William Dean Russell (born 1938) is an American historian focusing on the history of the Latter Day Saint movement. Russell taught at Graceland University for forty-one years, retiring as a professor of history in 2007. He has been a civil rights activist since the 1960s, championing the causes of equality for all regardless of race, gender, or sexual orientation. A member of Community of Christ, Russell is one of the activists and leaders credited with the church's progressive transformation in the latter half of the twentieth century.

==Academic career==
Russell graduated from Graceland in 1960. He later received a masters of divinity (M.Div.) from the Saint Paul School of Theology and a J.D. from the University of Iowa.

Russell served as editor of Courage: A Journal of History, Thought, and Action throughout its entire run from 1970 to 1973. He was a founding member of the John Whitmer Historical Association and has served as the organization's president (1977) and executive secretary (1979–81). He also served as editor of the John Whitmer Historical Association Journal (1984–85). Russell was one of the original three Community of Christ historians to join the Mormon History Association and he later served as president of that organization.

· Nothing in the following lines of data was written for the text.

Lemma sigma2_defect_eq H K s h : 0 < s -> 0 < h ->
  Rpower 2 (1 - K) * Rpower h (2 * H * K) - sigma2_of (R_HK H K) s (s + h)
  = Rpower s (2 * H * K) * bifrac_defect K (Rpower (1 + h / s) (2 * H)).
Proof.
  intros Hs Hh.
  set (u := Rpower (1 + h / s) (2 * H)).
  assert (Hu : 0 < u) by apply Rpower_pos.
  assert (Hsh : Rpower (s + h) (2 * H) = Rpower s (2 * H) * u).
  { assert (0 < h / s) by (apply Rdiv_lt_0_compat; lra).
    unfold u; rewrite Rpower_mult_distr by lra.
    f_equal; field; lra. }
  assert (Hpow : forall x, 0 < x -> Rpower x (2 * H * K) = Rpower (Rpower x (2 * H)) K)
    by (intros; rewrite Rpower_mult; reflexivity).
  assert (H2 : Rpower 2 (1 - K) = 2 * Rpower 2 (- K)).
  { replace (1 - K) with (1 + - K) by ring; rewrite Rpower_plus, Rpower_1; lra. }
  unfold sigma2_of; rewrite !R_HK_diag by lra; unfold R_HK, bifrac_defect.
  replace (Rabs (s - (s + h))) with h by (rewrite Rabs_left by lra; ring).
  rewrite (rpow_Rpower s), (rpow_Rpower (s + h)), (rpow_Rpower h), (rpow_Rpower 2) by lra.
  rewrite rpow_Rpower
    by (pose proof (Rpower_pos s (2 * H)); pose proof (Rpower_pos (s + h) (2 * H)); lra).
  rewrite !Hpow, Hsh by lra.
  replace (Rpower s (2 * H) + Rpower s (2 * H) * u) with (Rpower s (2 * H) * (1 + u)) by ring.
  rewrite <- !Rpower_mult_distr by (try apply Rpower_pos; lra).
  rewrite H2; ring.
Qed.

Lemma sigma2_defect_bounds H K s h : 0 < H < 1 -> 0 < K <= 1 -> 0 < h <= s ->
  0 <= Rpower 2 (1 - K) * Rpower h (2 * H * K) - sigma2_of (R_HK H K) s (s + h)
    <= 9 / 4 * Rpower h (2 * H * K) * Rpower (h / s) (2 - 2 * H * K).
Proof.
  intros HH HK Hhs.
  set (x := h / s).
  assert (Hx : 0 < x <= 1).
  { unfold x; split; [apply Rdiv_lt_0_compat; lra|].
    apply (Rmult_le_reg_r s); [lra|]; field_simplify; lra. }
  rewrite sigma2_defect_eq by lra; fold x.
  set (u := Rpower (1 + x) (2 * H)).
  assert (Hu1 : 1 <= u) by (apply Rpower_ge_1; lra).
  assert (Hu : u - 1 <= 3 * x).
  { assert (u <= (1 + x) ^ 2).
    { unfold u; rewrite <- Rpower_pow by lra; apply Rle_Rpower; simpl; lra. }
    nra. }
  assert (Hscale : Rpower s (2 * H * K) * x ^ 2
                   = Rpower h (2 * H * K) * Rpower x (2 - 2 * H * K)).
  { replace (2 - 2 * H * K) with (INR 2 + - (2 * H * K)) by (simpl; ring).
    rewrite Rpower_plus, Rpower_Ropp, Rpower_pow by lra.
    replace h with (s * x) at 1 by (unfold x; field; lra).
    rewrite <- Rpower_mult_distr by lra.
    field; apply Rgt_not_eq, Rpower_pos. }
  destruct (bifrac_defect_bounds K u HK Hu1) as [Hq0 Hq1].
  assert (Hs : 0 < Rpower s (2 * H * K)) by apply Rpower_pos.
  split; [nra|].
  assert ((u - 1) ^ 2 <= 9 * x ^ 2) by nra.
  assert (Rpower s (2 * H * K) * bifrac_defect K u <= Rpower s (2 * H * K) * (9 / 4 * x ^ 2))
    by (apply Rmult_le_compat_l; lra).
  lra.
Qed.

Lemma sigma2_rel_defect H K s h delta Phi : 0 < H < 1 -> 0 < K <= 1 ->
  0 < delta < Phi -> Phi <= s -> 0 < h <= delta ->
  0 <= 1 - sigma2_of (R_HK H K) s (s + h) / (Rpower 2 (1 - K) * Rpower h (2 * H * K))
    <= 9 / 4 / Rpower (Phi / delta) (2 - 2 * H * K).
Proof.
  intros HH HK Hdelta Hs Hh.
  destruct (sigma2_defect_bounds H K s h HH HK ltac:(lra)) as [Hlo Hhi].
  set (c := Rpower 2 (1 - K)) in *; set (P := Rpower h (2 * H * K)) in *.
  set (A := sigma2_of (R_HK H K) s (s + h)) in *.
  assert (Hc : 1 <= c) by (apply Rpower_ge_1; lra).
  assert (HP : 0 < P) by apply Rpower_pos.
  assert (He : 0 <= 2 - 2 * H * K) by nra.
  assert (HX : Rpower (h / s) (2 - 2 * H * K) <= / Rpower (Phi / delta) (2 - 2 * H * K)).
  { rewrite <- Rpower_Rinv_l, Rinv_div by (apply Rdiv_lt_0_compat; lra).
    apply Rle_Rpower_l; [exact He|split; [apply Rdiv_lt_0_compat; lra|]].
    apply Rmult_le_compat; try lra; [left; apply Rinv_0_lt_compat; lra|].
    apply Rinv_le_contravar; lra. }
  set (Z := / Rpower (Phi / delta) (2 - 2 * H * K)) in *.
  assert (0 < Z) by (apply Rinv_0_lt_compat, Rpower_pos).
  change (9 / 4 / Rpower (Phi / delta) (2 - 2 * H * K)) with (9 / 4 * Z).
  replace (1 - A / (c * P)) with ((c * P - A) / (c * P)) by (field; nra).
  split; [apply Rmult_le_pos; [lra|left; apply Rinv_0_lt_compat; nra]|].
  apply (Rmult_le_reg_r (c * P)); [nra|].
  unfold Rdiv; rewrite Rmult_assoc, Rinv_l, Rmult_1_r by nra.
  assert (P * Rpower (h / s) (2 - 2 * H * K) <= P * Z) by (apply Rmult_le_compat_l; lra).
  assert (P * Z <= c * P * Z) by nra.
  lra.
Qed.

Lemma lim0_infty_Rpower f e : 0 < e -> lim0_infty f -> lim0_infty (fun h => Rpower (f h) e).
Proof.
  intros He Hf M.
  set (M' := Rabs M + 1).
  assert (HM : M < M' /\ 0 < M')
    by (unfold M'; pose proof (Rle_abs M); pose proof (Rabs_pos M); lra).
  destruct (Hf (Rpower M' (/ e))) as [d [Hd Hlarge]].
  exists d; split; [exact Hd|]; intros h Hh.
  apply Rlt_trans with M'; [lra|].
  replace M' with (Rpower (Rpower M' (/ e)) e) at 1
    by (rewrite Rpower_mult, Rinv_l by lra; apply Rpower_1; lra).
  apply Rlt_Rpower_l; [exact He|split; [apply Rpower_pos|apply Hlarge, Hh]].
Qed.

Lemma Psi_ratio_large T phi e M : in_Psi T phi -> 0 < e ->
  exists d, 0 < d /\ forall delta, 0 < delta < d ->
    delta < phi delta /\ M < Rpower (phi delta / delta) e.
Proof.
  intros (_ & _ & _ & Hinf & _) He.
  destruct (Hinf 1) as [d1 [Hd1 Hgt1]].
  destruct (lim0_infty_Rpower _ e He Hinf M) as [d2 [Hd2 HgtM]].
  exists (Rmin d1 d2); split; [apply Rmin_pos; lra|]; intros delta Hdelta.
  pose proof (Rmin_l d1 d2); pose proof (Rmin_r d1 d2).
  split; [|apply HgtM; lra].
  specialize (Hgt1 delta ltac:(lra)).
  apply (Rmult_lt_compat_r delta) in Hgt1; [|lra].
  unfold Rdiv in Hgt1; rewrite Rmult_assoc, Rinv_l in Hgt1 by lra; lra.
Qed.

Lemma sigma2_rel_defect_near0 H K T phi : 0 < H < 1 -> 0 < K <= 1 -> in_Psi T phi ->
  forall eta, 0 < eta -> exists d, 0 < d /\ forall delta, 0 < delta < d ->
    forall s h, phi delta <= s -> 0 < h <= delta ->
      0 <= 1 - sigma2_of (R_HK H K) s (s + h) / (Rpower 2 (1 - K) * Rpower h (2 * H * K)) <= eta.
Proof.
  intros HH HK Hpsi eta Heta.
  destruct (Psi_ratio_large T phi (2 - 2 * H * K) (9 / 4 / eta) Hpsi ltac:(nra))
    as [d [Hd Hlarge]].
  exists d; split; [exact Hd|]; intros delta Hdelta s h Hs Hh.
  destruct (Hlarge delta Hdelta) as [Hphi HM].
  destruct (sigma2_rel_defect H K s h delta (phi delta) HH HK ltac:(lra) Hs Hh) as [Hlo Hhi].
  split; [exact Hlo|]; apply Rle_trans with (1 := Hhi).
  set (X := Rpower (phi delta / delta) (2 - 2 * H * K)) in *.
  apply (Rmult_le_reg_r X); [apply Rlt_trans with (9 / 4 / eta); [apply Rdiv_lt_0_compat|]; lra|].
  unfold Rdiv at 1; rewrite Rmult_assoc, Rinv_l, Rmult_1_r
    by (apply Rgt_not_eq, Rlt_trans with (9 / 4 / eta); [apply Rdiv_lt_0_compat|]; lra).
  apply (Rmult_lt_compat_l eta) in HM; [|exact Heta].
  replace (eta * (9 / 4 / eta)) with (9 / 4) in HM by (field; lra); lra.
Qed.

Lemma sqrt_rel_error A B eta : 0 < B -> eta <= 1 -> 0 <= 1 - A / B <= eta ->
  Rabs (sqrt A / sqrt B - 1) <= eta.
Proof.
  intros HB Heta Hrel.
  rewrite <- sqrt_div_alt by exact HB.
  set (y := A / B) in *.
  assert (Hy1 : sqrt y <= 1) by (rewrite <- sqrt_1; apply sqrt_le_1_alt; lra).
  assert (Hy : y <= sqrt y).
  { rewrite <- (sqrt_sqrt y) at 1 by lra.
    pose proof (sqrt_pos y); nra. }
  rewrite Rabs_left1; lra.
Qed.

Lemma sqrt_between Q A : 0 <= Q -> Q * Q / 4 <= A <= 4 * (Q * Q) -> Q / 2 <= sqrt A <= 2 * Q.
Proof.
  intros HQ HA; split.
  - rewrite <- (sqrt_square (Q / 2)) by lra; apply sqrt_le_1_alt; lra.
  - rewrite <- (sqrt_square (2 * Q)) by lra; apply sqrt_le_1_alt; lra.
Qed.

Definition vanishes_near0 (D : R -> R -> Prop) (f : R -> R -> R) : Prop :=
  forall eps, 0 < eps -> exists d, 0 < d /\
    forall h, 0 < h < d -> forall s, D h s -> Rabs (f h s) <= eps.

Definition diverges_near0 (D : R -> R -> Prop) (f : R -> R -> R) : Prop :=
  forall M, exists d, 0 < d /\ forall h, 0 < h < d -> forall s, D h s -> M <= f h s.

Lemma lim0_vanishes_near0 f : lim0 f 0 <-> vanishes_near0 (fun _ _ => True) (fun h _ => f h).
Proof.
  split.
  - intros Hf eps Heps; destruct (Hf eps Heps) as [d [Hd Hsmall]].
    exists d; split; [exact Hd|]; intros h Hh _ _.
    specialize (Hsmall h Hh); rewrite Rminus_0_r in Hsmall; lra.
  - intros Hf eps Heps; destruct (Hf (eps / 2) ltac:(lra)) as [d [Hd Hsmall]].
    exists d; split; [exact Hd|]; intros h Hh.
    specialize (Hsmall h Hh 0 I); rewrite Rminus_0_r; lra.
Qed.

Lemma lim0_infty_diverges_near0 f :
  lim0_infty f <-> diverges_near0 (fun _ _ => True) (fun h _ => f h).
Proof.
  split.
  - intros Hf M; destruct (Hf M) as [d [Hd Hlarge]].
    exists d; split; [exact Hd|]; intros h Hh _ _; left; apply Hlarge, Hh.
  - intros Hf M; destruct (Hf (M + 1)) as [d [Hd Hlarge]].
    exists d; split; [exact Hd|]; intros h Hh; specialize (Hlarge h Hh 0 I); lra.
Qed.

Lemma is_glb_threshold (S : R -> Prop) g :
  (forall b, S b -> g <= b) -> (forall b, g < b -> S b) -> is_glb S g.
Proof.
  intros Hlow Hmem; split; [exact Hlow|].
  intros b Hb; apply Rnot_lt_le; intros Hgb.
  specialize (Hb ((g + b) / 2) (Hmem ((g + b) / 2) ltac:(lra))); lra.
Qed.

Lemma is_lub_threshold (S : R -> Prop) g : 0 < g ->
  (forall b, S b -> b <= g) -> (forall b, 0 < b < g -> S b) -> is_lub S g.
Proof.
  intros Hg Hup Hmem; split; [exact Hup|].
  intros b Hb; apply Rnot_lt_le; intros Hbg.
  set (b' := (Rmax b 0 + g) / 2).
  assert (Hb' : Rmax b 0 < b' < g) by (unfold b', Rmax; destruct (Rle_dec b 0); lra).
  specialize (Hb b' (Hmem b' ltac:(pose proof (Rmax_r b 0); lra))).
  pose proof (Rmax_l b 0); lra.
Qed.

Section OreyExponents.

Variables (g : R) (D : R -> R -> Prop) (F : R -> R -> R).
Hypothesis g_pos : 0 < g.
Hypothesis F_comparable : exists d, 0 < d /\ forall h, 0 < h < d -> forall s, D h s ->
  Rpower h g / 2 <= F h s <= 2 * Rpower h g.
Hypothesis D_near0 : forall d, 0 < d -> exists h s, 0 < h < d /\ D h s.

Russell's first book Treasure in Earthen Vessels an Introduction to the New Testament was published in 1966 by Herald Publishing House. Since that time his research on the Latter Day Saint movement has been published widely in journals, but the only book-length study that has appeared is his 2008 edited volume, Homosexual Saints: The Community of Christ Experience.

==Social activism==
Russell became active in the civil rights movement in the 1960s and was co-founder of the Independence, Missouri, chapter of the Congress on Racial Equality (CORE). As editor of Courage, in the early 1970s, Russell advocated women's ordination to the priesthood of the Reorganized Church of Jesus Christ of Latter Day Saints (now Community of Christ). This policy change became a reality when women began to be ordained in 1985. Also as editor of Courage, Russell advocated that the RLDS Church abandon lineal succession in the office of Prophet-President. This policy change became a reality with the ordination of W. Grant McMurray in 1996.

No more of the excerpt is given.